An emblematic case is that of the data workers, people hired in developing countries to label images or transcribe texts in exchange for minimum wages. These tasks, essentials for AI training, They are usually precarious and poorly paid. Companies like Amazon Mechanical Turk have been criticized for exploiting this labor, creating a new way of invisible work that supports the digital economy.
But the impact goes further. How does AI affect human creativity?? If artists can generate works with a prompt, Will effort and originality lose value?? Some argue that AI democratizes creativity, allowing more people to express themselves, but others fear that it homogenizes art, reducing it to algorithmic formulas.
The challenge is to find a balance. AI can be an ally if used to increase human capabilities, not to replace them. For example, in medicine, could help diagnose diseases faster, but always under professional supervision. However, no clear regulations, The risk is that automation benefits only a few companies, deepening inequalities.
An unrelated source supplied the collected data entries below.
(* Write abundance e k = sigma(k) / k^(1+e); N is colossally abundant iff it
   maximises abundance e for some e > 0.  The proof has an arithmetic and a
   growth part.

   Arithmetic part.  sigma is multiplicative and j |-> sigma(p^j) is strictly
   log-concave, so j |-> abundance e (p^j) is unimodal and a number whose
   prime exponents are all local maxima is a global maximiser.  For a
   maximiser N at e, let p0 be the least prime not dividing N, and q the
   prime of {p0} u primes(N) whose exponent has the largest threshold e' (the
   parameter at which raising that exponent by one becomes neutral).  Then
   N q maximises abundance e' with e' > 0 and q <= p0; hence the colossally
   abundant number after N is at most N p0, where all primes below p0
   divide N.

   Growth part.  If all primes below p0 divide N, then N is at least the
   primorial of p0, which is at least pi(p0)!; with Erdos' bound
   p0 <= 4^(pi(p0)+1) this gives p0^K <= N for every fixed K once N is large.
   So n_(i+1)^K <= n_i^(K+1) eventually, and the ratio of logarithms lies in
   [K/(K+1), 1]. *)

From Stdlib Require Import Reals Lra Lia.
From mathcomp Require Import ssreflect ssrfun ssrbool.
From mathcomp Require all_boot zify.

Set Implicit Arguments.
Unset Strict Implicit.

Module CAGrowth.
Import eqtype ssrnat seq path div choice fintype tuple finfun bigop prime zify.
Open Scope nat_scope.

Section DivisorSum.

Lemma modulo_modn n d : 0 < d -> Nat.modulo n d = n %% d.
Proof.
move=> d_gt0; symmetry; apply: Nat.mod_unique; first by apply/ltP; rewrite ltn_pmod.
by rewrite {1}(divn_eq n d) mulnC plusE multE.
Qed.

Lemma sigma_iota n : sigma n = \sum_(d <- iota 1 n | d %| n) d.
Proof.
have seq_iota a m : List.seq a m = iota a m.
  by elim: m a => [|m IH] a //=; rewrite IH.
have filterE (p : pred nat) s : List.filter p s = seq.filter p s.
  by elim: s => //= x s ->.
rewrite /sigma seq_iota filterE -big_filter.
have -> : seq.filter (fun d => Nat.eqb (Nat.modulo n d) 0) (iota 1 n)
          = [seq d <- iota 1 n | d %| n].
  apply: eq_in_filter => d; rewrite mem_iota => /andP[d_gt0 _].
  by rewrite modulo_modn.
by elim: (seq.filter _ _) => [|x s /= ->]; rewrite ?big_nil ?big_cons.
Qed.

Lemma sigma_divisors n : 0 < n -> sigma n = \sum_(d <- divisors n) d.
Proof.
move=> n_gt0; rewrite sigma_iota -big_filter; congr bigop.
apply: (irr_sorted_eq (leT := ltn)) => [||||d].
- exact: ltn_trans.
- exact: ltnn.
- by apply: sorted_filter; [exact: ltn_trans | exact: iota_ltn_sorted].
- exact: sorted_divisors_ltn.
rewrite mem_filter mem_iota -dvdn_divisors //.
case dn: (d %| n); rewrite ?andbF ?andbT //=.
by rewrite add1n ltnS (dvdn_gt0 n_gt0 dn) /= dvdn_leq.
Qed.

Lemma divisors_coprime_mul a b : coprime a b -> 0 < a -> 0 < b ->
  perm_eq (divisors (a * b)) [seq x * y | x <- divisors a, y <- divisors b].
Proof.
move=> co a_gt0 b_gt0; apply: uniq_perm.
- exact: divisors_uniq.
- apply: allpairs_uniq; try exact: divisors_uniq.
  move=> [x y] [x' y'] /allpairsP[[x1 y1] /= [hx hy [-> ->]]].
  move=> /allpairsP[[x2 y2] /= [hx' hy' [-> ->]]] /= E.
  rewrite -!dvdn_divisors // in hx hy hx' hy'.
  have cy : coprime a y1 by apply: (coprime_dvdr hy).
  have cy' : coprime a y2 by apply: (coprime_dvdr hy').
  have ex : x1 = x2.
    have := Gauss_gcdl x1 cy; rewrite E (Gauss_gcdl x2 cy').
    by rewrite (gcdn_idPr hx) (gcdn_idPr hx').
  subst x2; congr pair; apply/eqP; rewrite -(eqn_pmul2l (m := x1)) ?E //.
  exact: dvdn_gt0 a_gt0 hx.
move=> d; rewrite -dvdn_divisors ?muln_gt0 ?a_gt0 //; apply/idP/allpairsP.
- move=> dab.
  have d_gt0 : 0 < d by apply: (dvdn_gt0 _ dab); rewrite muln_gt0 a_gt0.
  set y := gcdn d b.
  have y_gt0 : 0 < y by rewrite gcdn_gt0 d_gt0.
  set z := d %/ y; set w := b %/ y.
  have dE : d = z * y by rewrite divnK // dvdn_gcdl.
  have bE : b = w * y by rewrite divnK // dvdn_gcdr.
  have czw : coprime z w.
    rewrite /coprime; apply/eqP/eqP; rewrite -(eqn_pmul2r y_gt0) mul1n.
    by rewrite muln_gcdl -dE -bE.
  have za : z %| a.
    by rewrite -(Gauss_dvdl _ czw) -(dvdn_pmul2r y_gt0) -dE -mulnA -bE.
  by exists (z, y); split; rewrite /= -?dvdn_divisors // dvdn_gcdr.
- case=> [[x y] /= [hx hy ->]]; rewrite -!dvdn_divisors // in hx hy.
  exact: dvdn_mul.
Qed.

Lemma sigma_mul a b : coprime a b -> 0 < a -> 0 < b ->
  sigma (a * b) = sigma a * sigma b.
Proof.
move=> co a_gt0 b_gt0; rewrite !sigma_divisors ?muln_gt0 ?a_gt0 //.
rewrite (perm_big _ (divisors_coprime_mul co a_gt0 b_gt0)) /=.
rewrite big_allpairs_dep /= big_distrl /=; apply: eq_bigr => x _.
by rewrite big_distrr.
Qed.

Lemma sigma_gt0 k : 0 < k -> 0 < sigma k.
Proof. by move=> k_gt0; rewrite sigma_divisors // (big_rem 1) ?divisor1. Qed.

Lemma sigma_prime_pow p j : prime p -> sigma (p ^ j) = \sum_(i < j.+1) p ^ i.
Proof.
move=> p_pr; have p_gt0 := prime_gt0 p_pr.
rewrite sigma_divisors ?expn_gt0 ?p_gt0 //.
have perm_pow : perm_eq (divisors (p ^ j)) [seq p ^ i | i <- iota 0 j.+1].
  apply: uniq_perm; first exact: divisors_uniq.
    by rewrite map_inj_uniq ?iota_uniq //; apply: expnI; rewrite prime_gt1.
  move=> d; rewrite -dvdn_divisors ?expn_gt0 ?p_gt0 //; apply/idP/mapP.
    by case/(dvdn_pfactor _ _ p_pr) => m mj ->; exists m; rewrite // mem_iota ltnS.
  case=> m; rewrite mem_iota ltnS => /andP[_ mj] ->.
  by apply/(dvdn_pfactor _ _ p_pr); exists m.
by rewrite (perm_big _ perm_pow) big_map -(big_mkord xpredT (fun i => p ^ i)).
Qed.

Lemma sigma_prime_powS p j : prime p -> sigma (p ^ j.+1) = 1 + p * sigma (p ^ j).
Proof.
move=> p_pr; rewrite !sigma_prime_pow // big_ord_recl expn0 big_distrr /=.
by congr addn; apply: eq_bigr => i _; rewrite expnS.
Qed.

End DivisorSum.

Section Unimodal.
Local Open Scope R_scope.

Variables (u A : nat -> R) (c : R).
Hypothesis c_pos : 0 < c.
Hypothesis A_pos : forall j, 0 < A j.
Hypothesis u_pos : forall j, 0 < u j.
Hypothesis u_ratio : forall j, u j.+1 * c * A j = u j * A j.+1.
Hypothesis A_log_concave : forall j, A j.+2 * A j < A j.+1 * A j.+1.

Lemma unimodal_descent j : A j.+1 <= c * A j -> u j.+1 <= u j.
Proof.
move=> hj; apply: (Rmult_le_reg_r (c * A j)); first exact: Rmult_lt_0_compat.
by rewrite -[u j.+1 * _]Rmult_assoc u_ratio; apply/Rmult_le_compat_l/hj/Rlt_le.
Qed.

Lemma unimodal_ascent j : c * A j <= A j.+1 -> u j <= u j.+1.
Proof.
move=> hj; apply: (Rmult_le_reg_r (c * A j)); first exact: Rmult_lt_0_compat.
by rewrite -[u j.+1 * _]Rmult_assoc u_ratio; apply/Rmult_le_compat_l/hj/Rlt_le.
Qed.

Lemma ratio_drop j : A j.+1 <= c * A j -> A j.+2 < c * A j.+1.
Proof. by move=> hj; have := A_log_concave j; have := A_pos j; have := A_pos j.+1; nra. Qed.

Lemma ratio_stays_below j : A j.+1 <= c * A j ->
  forall k, A (j + k).+1 <= c * A (j + k).
Proof.
move=> hj; elim=> [|k IH]; first by rewrite addn0.
by rewrite addnS; apply: Rlt_le; apply: ratio_drop.
Qed.

Lemma ratio_stays_strictly_below j : A j.+1 < c * A j ->
  forall k, A (j + k).+1 < c * A (j + k).
Proof.
move=> hj; elim=> [|k IH]; first by rewrite addn0.
by rewrite addnS; apply: ratio_drop; apply: Rlt_le.
Qed.

Lemma unimodal_max b : A b.+1 <= c * A b ->
  (b = 0%N \/ c * A b.-1 <= A b) -> forall j, u j <= u b.
Proof.
move=> fall rise j; case: (leqP b j) => [le_bj|lt_jb].
- rewrite -(subnKC le_bj); elim: (j - b)%N => [|k IH]; first by rewrite addn0; lra.
  apply: Rle_trans IH; rewrite addnS; apply: unimodal_descent.
  exact: ratio_stays_below.
- have rising i : (i < b)%N -> c * A i <= A i.+1.
    move=> lt_ib; apply: Rnot_lt_le => fall_i.
    case: rise => [b0|rise]; first by rewrite b0 in lt_ib.
    have b_gt0 : (0 < b)%N by apply: leq_ltn_trans lt_ib.
    have := ratio_stays_strictly_below fall_i (b.-1 - i).
    rewrite subnKC ?prednK //; [lra | by rewrite -ltnS prednK].
  have up k : (j + k <= b)%N -> u j <= u (j + k).
    elim: k => [|k IH] hk; first by rewrite addn0; lra.
    rewrite addnS in hk *; apply: Rle_trans (IH (ltnW hk)) _.
    exact: unimodal_ascent (rising _ hk).
  by have := up (b - j)%N; rewrite subnKC ?(ltnW lt_jb) //; apply.
Qed.

End Unimodal.

Section PrimeFactorisation.

Lemma primes_nil k : 0 < k -> primes k = [::] -> k = 1.
Proof.
move=> k_gt0 h; case: (ltnP 1 k) => k1; last by apply/eqP; rewrite eqn_leq k1 k_gt0.
have : pdiv k \in primes k by rewrite mem_primes pdiv_prime // k_gt0 pdiv_dvd.
by rewrite h.
Qed.

Lemma split_prime_part p k : prime p -> 0 < k ->
  exists k', [/\ 0 < k', coprime p k', k = k' * p ^ logn p k &
     forall q, prime q -> q != p -> logn q k = logn q k'].
Proof.
move=> p_pr k_gt0; case: (pfactor_coprime p_pr k_gt0) => k' co E.
have k'_gt0 : 0 < k' by move: k_gt0; rewrite E muln_gt0 => /andP[].
exists k'; split => // q q_pr q_neq.
rewrite {1}E (lognM _ k'_gt0) ?expn_gt0 ?prime_gt0 // lognX (logn_prime q p_pr).
by rewrite (negbTE q_neq) muln0 addn0.
Qed.

Lemma primes_cofactor p k k' : prime p -> coprime p k' -> 0 < k ->
  k = k' * p ^ logn p k -> {subset primes k' <= [predD1 primes k & p]}.
Proof.
move=> p_pr co k_gt0 E q; rewrite !inE !mem_primes => /and3P[q_pr _ qk].
have qk' : q %| k by rewrite E dvdn_mulr.
rewrite q_pr k_gt0 qk' !andbT; apply/eqP => eqp; subst q.
by move: co; rewrite /coprime (gcdn_idPl qk) => /eqP h; move: (prime_gt1 q_pr); rewrite h.
Qed.

End PrimeFactorisation.

Section Abundance.
Local Open Scope R_scope.

Definition abundance (e : R) (k : nat) : R := INR (sigma k) / Rpower (INR k) (1 + e).

Lemma colossally_abundantE m : colossally_abundant m <->
  (0 < m)%N /\ exists e, 0 < e /\ forall k, (0 < k)%N -> abundance e k <= abundance e m.
Proof.
split=> [[/leP m_gt0 [e [e_gt0 hmax]]]|[m_gt0 [e [e_gt0 hmax]]]].
- by split=> //; exists e; split=> // k /leP; apply: hmax.
- by split; [apply/leP | exists e; split=> // k /leP; apply: hmax].
Qed.

Lemma INR_pos k : (0 < k)%N -> 0 < INR k.
Proof. by move=> /ltP; apply: lt_0_INR. Qed.

Lemma Rpower_pos x y : 0 < Rpower x y.
Proof. exact: exp_pos. Qed.

Lemma abundance_pos e k : (0 < k)%N -> 0 < abundance e k.
Proof.
move=> k_gt0; apply: Rdiv_lt_0_compat; last exact: Rpower_pos.
exact/INR_pos/sigma_gt0.
Qed.

Lemma abundance_mul e a b : coprime a b -> (0 < a)%N -> (0 < b)%N ->
  abundance e (a * b) = abundance e a * abundance e b.
Proof.
move=> co a_gt0 b_gt0; rewrite /abundance sigma_mul // -!multE !mult_INR.
rewrite -Rpower_mult_distr; try exact: INR_pos.
have := Rpower_pos (INR a) (1 + e); have := Rpower_pos (INR b) (1 + e).
by move=> *; field; lra.
Qed.

Definition sigma_pow (p j : nat) : R := INR (sigma (p ^ j)).
Definition weight (p : nat) (e : R) : R := Rpower (INR p) (1 + e).

Lemma sigma_pow_pos p j : prime p -> 0 < sigma_pow p j.
Proof. by move=> p_pr; apply/INR_pos/sigma_gt0; rewrite expn_gt0 prime_gt0. Qed.

Lemma sigma_pow_ge1 p j : prime p -> 1 <= sigma_pow p j.
Proof.
move=> p_pr; have /leP : (0 < sigma (p ^ j))%N.
  by apply: sigma_gt0; rewrite expn_gt0 prime_gt0.
by move=> /le_INR.
Qed.

Lemma sigma_pow0 p : sigma_pow p 0 = 1.
Proof. by rewrite /sigma_pow expn0. Qed.

Lemma sigma_powS p j : prime p -> sigma_pow p j.+1 = 1 + INR p * sigma_pow p j.
Proof. by move=> p_pr; rewrite /sigma_pow sigma_prime_powS // -multE -plusE plus_INR mult_INR. Qed.

(* Strict log-concavity of j |-> sigma(p^j), the arithmetic input behind the
   unimodality of the abundance along the powers of a prime. *)
Lemma sigma_pow_log_concave p j : prime p ->
  sigma_pow p j.+2 * sigma_pow p j < sigma_pow p j.+1 * sigma_pow p j.+1.
Proof.
move=> p_pr; rewrite /sigma_pow !sigma_prime_powS //.
have s_gt0 : (0 < sigma (p ^ j))%N by apply: sigma_gt0; rewrite expn_gt0 prime_gt0.
have p_gt1 := prime_gt1 p_pr.
set X := sigma (p ^ j) in s_gt0 *.
rewrite -!multE -!plusE -!mult_INR; apply: lt_INR.
by move/ltP: s_gt0; move/ltP: p_gt1; nia.
Qed.

Lemma weight_pos p e : 0 < weight p e.
Proof. exact: Rpower_pos. Qed.

Lemma INR_prime_gt1 p : prime p -> 1 < INR p.
Proof. by move=> p_pr; apply: lt_1_INR; apply/ltP; apply: prime_gt1. Qed.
Conclusions: towards ethical use of AI
The debate over whether it is fair to use AI for training does not have a simple answer, but chiaroscuros that require reflection. On the one hand, AI has proven to be a powerful tool to solve global problems, from medicine to education. Its ability to process large volumes of data can accelerate scientific discoveries and improve efficiency across multiple sectors.. However, its current development poses serious risks: data exploitation without consent, perpetuation of biases, threat to intellectual property and job insecurity.
To make AI training fair, An ethical and legal framework is necessary that guarantees transparency, equity and respect for the rights of creators and users. This includes:
- Informed consent: The data must be obtained with the explicit permission of its owners, especially in cases of personal information or protected works.
- Fair compensation: Artists, Writers and other creators should be compensated when their works are used to train business models.
- Diversity in datasets: Models should be trained with data representative of all cultures, genders and demographic groups to avoid bias.
- Labor regulation: Workers who contribute to AI training must have decent conditions and fair salaries.
- Human supervision: AI should not completely replace human judgment, especially in critical areas such as justice or health.
Ultimately, Justice in the use of AI does not depend only on technology, but of the decisions we make as a society. Do we want a future where AI serves the common good, or one where it deepens inequalities? The answer is in our hands, and the time to act is now. Only with a balanced approach, that combines innovation with ethics, we will be able to harness the potential of AI without sacrificing our core values.